> _Your objective_: Nothing but the lines from the one containing "have := @dumas_const_coprime" through the end of the data below may appear in the response, each one exact.

[Records for this task — start]

(* Let $f=a_0+a_1 z+\cdots+a_mz^m\in \mathbb{Z}[z]$ be primitive (the greatest common divisor of its coefficients is $1$). Suppose there exist positive real numbers $\alpha<\beta$ and an index $j\in\{0,1,\ldots,m\}$ such that \[ |a_j|\alpha^j >\left(\frac{\beta}{\alpha}\right)^{m-j}\sum_{i=0,\, i\neq j}^m |a_i|\alpha^i. \] Further, suppose there exist natural numbers $n$, $d$, $k$, $\ell\leq m$, and a prime $p$ with $p\nmid d$ such that $\beta-d\geq n\geq \alpha+d$, $f(n)=\pm p^k d$, $\gcd(k,\ell)=1$, $p^k$ divides $\frac{f^{(i)}(n)}{i!}$ for each $i=0, 1, \ldots,\ell-1$, and, in case $k>1$, also $p\nmid \frac{f^{(\ell)}(n)}{\ell!}$. Then $f$ is irreducible in $\mathbb{Z}[z]$.
   Context: $f^{(i)}$ denotes the $i$-th derivative of $f$ with respect to $z$. Natural numbers are positive integers. *)

From HB Require Import structures.
From mathcomp Require Import all_boot all_order all_algebra.
Set Implicit Arguments. Unset Strict Implicit. Unset Printing Implicit Defensive.
Import Order.TTheory GRing.Theory Num.Theory.
Local Open Scope ring_scope.

Definition primitive_int (f : {poly int}) : Prop :=
  (\big[gcdn/0%N]_(i < size f) absz (f`_i)%R)%N = 1%N.

Definition irreducible_Zpoly (f : {poly int}) : Prop :=
  [/\ f != 0, f \isn't a GRing.unit &
      forall g h : {poly int}, f = g * h -> g \is a GRing.unit \/ h \is a GRing.unit].

From HB Require Import structures.
From mathcomp Require Import all_boot all_order all_algebra all_field.
From mathcomp Require Import zify ring lra.
Set Implicit Arguments.
Unset Strict Implicit.
Unset Printing Implicit Defensive.
Import Order.TTheory GRing.Theory Num.Theory.
Local Open Scope ring_scope.

(* Let f = g h with g and h nonconstant. The coefficient a_j dominates f on
   the annulus alpha <= |z| <= beta, which therefore contains no complex root
   of f; as [n - d, n + d] lies inside [alpha, beta], every root z of f
   satisfies |n - z| > d, so |g(n)| > d and |h(n)| > d. Since
   |g(n) h(n)| = p^k d with p not dividing d, the prime p divides both g(n) and
   h(n). But f(X + n) = g(X + n) h(X + n) has coefficients f^(i)(n)/i!, whose
   p-adic Newton polygon starts with the segment from (0, k) to (l, 0); as
   gcd(k, l) = 1 this segment has no interior lattice point and cannot be split
   between the two factors, so one of g(n), h(n) is prime to p (Dumas). *)

Lemma coef_comp_XaddC (R : comNzRingType) (q : {poly R}) (c : R) i :
  (q \Po ('X + c%:P))`_i = (q^`N(i)).[c].
Proof.
have -> : q \Po ('X + c%:P) = \poly_(i < size q) (q^`N(i)).[c].
  rewrite /comp_poly addrC nderiv_taylor; last exact: mulrC.
  rewrite poly_def size_map_polyC; apply: eq_bigr => j _.
  by rewrite nderivn_map horner_map /= mul_polyC.
by rewrite coef_poly; case: ltnP => // le_qi; rewrite nderivn_poly0 ?horner0.
Qed.

Section WeightedValuation.
Variables (p k l : nat).
Hypothesis p_pr : prime p.

Definition vp (x : int) : nat := logn p `|x|.
(* l times the valuation of x X^i, for the extension of v_p with v(X) = k/l. *)
Definition weight (i : nat) (x : int) : nat := l * vp x + k * i.

Definition last_min_weight (q : {poly int}) (b : nat) : Prop :=
  [/\ q`_b != 0,
      forall i, q`_i != 0 -> (weight b q`_b <= weight i q`_i)%N &
      forall i, (b < i)%N -> q`_i != 0 -> (weight b q`_b < weight i q`_i)%N].

Lemma vpM x y : x != 0 -> y != 0 -> vp (x * y) = (vp x + vp y)%N.
Proof. by move=> x0 y0; rewrite /vp abszM lognM // absz_gt0. Qed.

Lemma dvdz_vp e x : x != 0 -> ((p ^ e)%:Z %| x)%Z = (e <= vp x)%N.
Proof. by move=> x0; rewrite dvdzE /= pfactor_dvdn // absz_gt0. Qed.

Lemma vp_sum_ge (I : Type) (r : seq I) (P : pred I) (t : I -> int) e :
  (forall i, P i -> t i != 0 -> (e <= vp (t i))%N) ->
  \sum_(i <- r | P i) t i != 0 -> (e <= vp (\sum_(i <- r | P i) t i))%N.
Proof.
move=> t_ge s0; rewrite -dvdz_vp //; apply: rpred_sum => i Pi.
by have [->|ti0] := eqVneq (t i) 0; [exact: rpred0 | rewrite dvdz_vp // t_ge].
Qed.

Lemma vpD x y : x != 0 -> ((p ^ (vp x).+1)%:Z %| y)%Z ->
  x + y != 0 /\ vp (x + y) = vp x.
Proof.
move=> x0 dvd_y.
have ndvd : ~~ ((p ^ (vp x).+1)%:Z %| x + y)%Z by rewrite rpredDr // dvdz_vp // ltnn.
have xy0 : x + y != 0 by apply: contraNneq ndvd => ->; rewrite dvdz0.
split=> //; apply/eqP; rewrite eqn_leq leqNgt -dvdz_vp // ndvd -dvdz_vp //.
rewrite rpredD //; first by rewrite dvdz_vp.
apply: (dvdz_trans _ dvd_y).
by rewrite dvdzE /= dvdn_exp2l.
Qed.

Lemma exists_last_min_weight q : q != 0 -> exists b, last_min_weight q b.
Proof.
move=> q0.
have lt_size i : q`_i != 0 -> (i < size q)%N.
  by rewrite ltnNge; apply: contra => /(nth_default 0) ->.
pose attained w := [exists i : 'I_(size q), (q`_i != 0) && (weight i q`_i == w)].
have attainedP i : q`_i != 0 -> attained (weight i q`_i).
  by move=> qi; apply/existsP; exists (Ordinal (lt_size i qi)); rewrite /= qi eqxx.
have lead0 : q`_(size q).-1 != 0 by rewrite -lead_coefE lead_coef_eq0.
case: (ex_minnP (ex_intro attained _ (attainedP _ lead0))) => w.
case/existsP=> i0 /andP[qi0 /eqP wi0] w_min.
pose argmin i := (q`_i != 0) && (weight i q`_i == w).
have argmin_i0 : argmin i0 by rewrite /argmin qi0 wi0 eqxx.
have argmin_le i : argmin i -> (i <= size q)%N by case/andP=> /lt_size /ltnW.
case: (ex_maxnP (ex_intro argmin _ argmin_i0) argmin_le) => b /andP[qb /eqP wb] b_max.
exists b; split=> // [i qi | i lt_bi qi]; rewrite wb; first exact: w_min (attainedP _ qi).
rewrite ltn_neqAle w_min ?attainedP // andbT; apply: contraTneq lt_bi => wi.
by rewrite -leqNgt; apply: b_max; rewrite /argmin qi -wi eqxx.
Qed.

Lemma weight_coefM_ge (G H : {poly int}) M c (P : pred 'I_M.+1) :
  (forall i : 'I_M.+1, P i -> G`_i != 0 -> H`_(M - i) != 0 ->
     (c <= weight i G`_i + weight (M - i) H`_(M - i))%N) ->
  \sum_(i < M.+1 | P i) G`_i * H`_(M - i) != 0 ->
  (c <= l * vp (\sum_(i < M.+1 | P i) G`_i * H`_(M - i)) + k * M)%N.
Proof.
set s := \sum_(i < _ | _) _ => c_le s0; rewrite leqNgt; apply/negP => lt_s.
suff : ((vp s).+1 <= vp s)%N by rewrite ltnn.
apply: vp_sum_ge => // i Pi; rewrite mulf_eq0 negb_or => /andP[Gi Hi].
have := c_le i Pi Gi Hi; rewrite vpM // /weight.
have : (i + (M - i) = M)%N by rewrite subnKC // -ltnS.
nia.
Qed.

(* Gauss's lemma for the weighted valuation, keeping track of the last index
   where the minimum is attained. *)
Lemma last_min_weightM {G H : {poly int}} {bG bH : nat} :
  last_min_weight G bG -> last_min_weight H bH ->
  last_min_weight (G * H) (bG + bH) /\
  weight (bG + bH) (G * H)`_(bG + bH) = (weight bG G`_bG + weight bH H`_bH)%N.
Proof.
move=> [G0 G_min G_last] [H0 H_min H_last].
set N := (bG + bH)%N; set w := (weight bG G`_bG + weight bH H`_bH)%N.
have term_ge M (i : 'I_M.+1) : G`_i != 0 -> H`_(M - i) != 0 ->
    (w <= weight i G`_i + weight (M - i) H`_(M - i))%N.
  by move=> Gi Hi; rewrite leq_add ?G_min ?H_min.
have term_gt M (i : 'I_M.+1) : (bG < i)%N || (bH < M - i)%N ->
    G`_i != 0 -> H`_(M - i) != 0 -> (w < weight i G`_i + weight (M - i) H`_(M - i))%N.
  move=> /orP[/G_last lt_i | /H_last lt_i] Gi Hi.
    by rewrite -addSn leq_add ?lt_i ?H_min.
  by rewrite -addnS leq_add ?lt_i ?G_min.
have coef_ge M c (P : pred 'I_M.+1) :
    (forall i : 'I_M.+1, P i -> G`_i != 0 -> H`_(M - i) != 0 ->
       (c <= weight i G`_i + weight (M - i) H`_(M - i))%N) ->
    (G * H)`_M = \sum_(i < M.+1 | P i) G`_i * H`_(M - i) ->
    (G * H)`_M != 0 -> (c <= weight M (G * H)`_M)%N.
  by move=> c_le eM; rewrite /weight eM; apply: weight_coefM_ge.
have lt_bG : (bG < N.+1)%N by rewrite ltnS leq_addr.
have [FN0 vFN] : (G * H)`_N != 0 /\ vp (G * H)`_N = vp (G`_bG * H`_bH).
  rewrite coefM (bigD1 (Ordinal lt_bG)) //= /N addKn; apply: vpD; first exact: mulf_neq0.
  set r := \sum_(i < _ | _) _; have [->|r0] := eqVneq r 0; first exact: dvdz0.
  have r_gt : (w < l * vp r + k * N)%N.
    apply: weight_coefM_ge r0 => i ne_ibG; apply: term_gt; apply/orP.
    have {}ne_ibG : (i : nat) != bG by apply: contraNneq ne_ibG => eq_i; apply/eqP/val_inj.
    by case: (ltnP bG i) => ?; [left | right; lia].
  rewrite dvdz_vp // vpM //; move: r_gt.
  by rewrite /w /weight /N addnACA -!mulnDr ltn_add2r ltn_mul2l => /andP[].
have wFN : weight N (G * H)`_N = w by rewrite /weight vFN vpM // /w /weight /N; ring.
split=> //; split=> //; rewrite wFN => M.
  by apply: coef_ge (fun i _ => term_ge M i) (coefM _ _ _).
move=> lt_NM; apply: coef_ge (coefM _ _ _) => i _; apply: term_gt.
by apply/orP; case: (ltnP bG i) => ?; [left | right; lia].
Qed.

(* The Newton polygon of F begins with the segment from (0, k) to (l, 0). *)
Lemma dumas_const_coprime (F G H : {poly int}) :
  (0 < l)%N -> coprime k l -> F = G * H -> F`_0 != 0 -> vp F`_0 = k ->
  (forall i, (i < l)%N -> ((p ^ k)%:Z %| F`_i)%Z) -> ~~ (p%:Z %| F`_l)%Z ->
  vp G`_0 = 0%N \/ vp H`_0 = 0%N.
Proof.
move=> l_gt0 co_kl FGH F00 vF0 dvd_F ndvd_Fl.
have [G00 H00] : G`_0 != 0 /\ H`_0 != 0.
  by apply/andP; rewrite -negb_or -mulf_eq0 -coef0M -FGH.
have st : (vp G`_0 + vp H`_0 = k)%N by rewrite -vpM // -coef0M -FGH.
case: (posnP (vp G`_0)) => [|s_gt0]; first by left.
case: (posnP (vp H`_0)) => [|t_gt0]; first by right.
exfalso.
have Fl0 : F`_l != 0 by apply: contraNneq ndvd_Fl => ->; rewrite dvdz0.
have vFl : vp F`_l = 0%N.
  by apply: logn_coprime; rewrite prime_coprime // -dvdzE.
have [bG G_last] : exists bG, last_min_weight G bG.
  by apply: exists_last_min_weight; apply: contraNneq G00 => ->; rewrite coef0.
have [bH H_last] : exists bH, last_min_weight H bH.
  by apply: exists_last_min_weight; apply: contraNneq H00 => ->; rewrite coef0.
have wG : (weight bG G`_bG <= l * vp G`_0)%N.
  by case: G_last => _ /(_ 0%N G00) + _; rewrite /weight muln0 addn0.
have wH : (weight bH H`_bH <= l * vp H`_0)%N.
  by case: H_last => _ /(_ 0%N H00) + _; rewrite /weight muln0 addn0.
have [[FN0 _ F_last] wFN] := last_min_weightM G_last H_last.
rewrite -FGH in FN0 F_last wFN.
set N := (bG + bH)%N in FN0 F_last wFN.
move: wFN wG wH; rewrite /weight => wFN wG wH.
have le_lN : (l <= N)%N.
  rewrite leqNgt; apply/negP => lt_Nl.
  have vFN : (k <= vp F`_N)%N by rewrite -dvdz_vp // dvd_F.
  have := F_last l lt_Nl Fl0; rewrite /weight vFl.
  nia.
have le_Nl : (N <= l)%N by nia.
(* Both weight bounds are now tight, so k bG = l v(G_0) with 0 < v(G_0) < k. *)
have kbG : (k * bG = l * vp G`_0)%N by rewrite /N in le_lN le_Nl wFN; nia.
have : (k %| vp G`_0)%N by rewrite -(Gauss_dvdr _ co_kl) -kbG dvdn_mulr.
by move/(dvdn_leq s_gt0); lia.
Qed.
End WeightedValuation.

Lemma taylor_dumas (p k l : nat) (f g h : {poly int}) (n : int) :
  prime p -> (0 < l)%N -> coprime k l -> f = g * h -> f.[n] != 0 -> vp p f.[n] = k ->
  (forall i, (i < l)%N -> ((p ^ k)%:Z %| (f^`N(i)).[n])%Z) ->
  ~~ (p%:Z %| (f^`N(l)).[n])%Z ->
  vp p g.[n] = 0%N \/ vp p h.[n] = 0%N.
Proof.
move=> p_pr l_gt0 co_kl fgh fn0 vfn dvd_f ndvd_f.
pose shift q := q \Po ('X + n%:P).
have coef_shift q i : (shift q)`_i = (q^`N(i)).[n] := coef_comp_XaddC q n i.
have := @dumas_const_coprime p k l p_pr (shift f) (shift g) (shift h) l_gt0 co_kl.
rewrite !coef_shift !nderivn0; apply=> //; first by rewrite /shift fgh comp_polyM.
by move=> i /dvd_f; rewrite coef_shift.
Qed.

(* The hypothesis of the theorem for radii A < B, multiplied by A^(m-j). *)
Definition dominant (F : numDomainType) (f : {poly int}) (j : nat) (A B : F) : bool :=
  B ^+ ((size f).-1 - j) *
    \sum_(i < (size f).-1.+1 | i != j :> nat) `|f`_i|%:~R * A ^+ i
  < `|f`_j|%:~R * A ^+ (size f).-1.

Lemma dominant_ratioE (F : numFieldType) (f : {poly int}) j (a b : F) :
  0 < a -> (j <= (size f).-1)%N ->
  dominant f j a b =
  ((b / a) ^+ ((size f).-1 - j) *
     \sum_(i < (size f).-1.+1 | i != j :> nat) `|f`_i|%:~R * a ^+ i
   < `|f`_j|%:~R * a ^+ j).
Proof.
move=> a_gt0 jm; rewrite -(ltr_pM2l (exprn_gt0 ((size f).-1 - j) a_gt0)).
by rewrite mulrA -exprMn mulrCA divff ?gt_eqF // mulr1 mulrCA -exprD subnK.
Qed.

[Records for this task — finish]

> _Expected answer_:
have := @dumas_const_coprime p k l p_pr (shift f) (shift g) (shift h) l_gt0 co_kl.
rewrite !coef_shift !nderivn0; apply=> //; first by rewrite /shift fgh comp_polyM.
by move=> i /dvd_f; rewrite coef_shift.
Qed.

(* The hypothesis of the theorem for radii A < B, multiplied by A^(m-j). *)
Definition dominant (F : numDomainType) (f : {poly int}) (j : nat) (A B : F) : bool :=
  B ^+ ((size f).-1 - j) *
    \sum_(i < (size f).-1.+1 | i != j :> nat) `|f`_i|%:~R * A ^+ i
  < `|f`_j|%:~R * A ^+ (size f).-1.

Lemma dominant_ratioE (F : numFieldType) (f : {poly int}) j (a b : F) :
  0 < a -> (j <= (size f).-1)%N ->
  dominant f j a b =
  ((b / a) ^+ ((size f).-1 - j) *
     \sum_(i < (size f).-1.+1 | i != j :> nat) `|f`_i|%:~R * a ^+ i
   < `|f`_j|%:~R * a ^+ j).
Proof.
move=> a_gt0 jm; rewrite -(ltr_pM2l (exprn_gt0 ((size f).-1 - j) a_gt0)).
by rewrite mulrA -exprMn mulrCA divff ?gt_eqF // mulr1 mulrCA -exprD subnK.
Qed.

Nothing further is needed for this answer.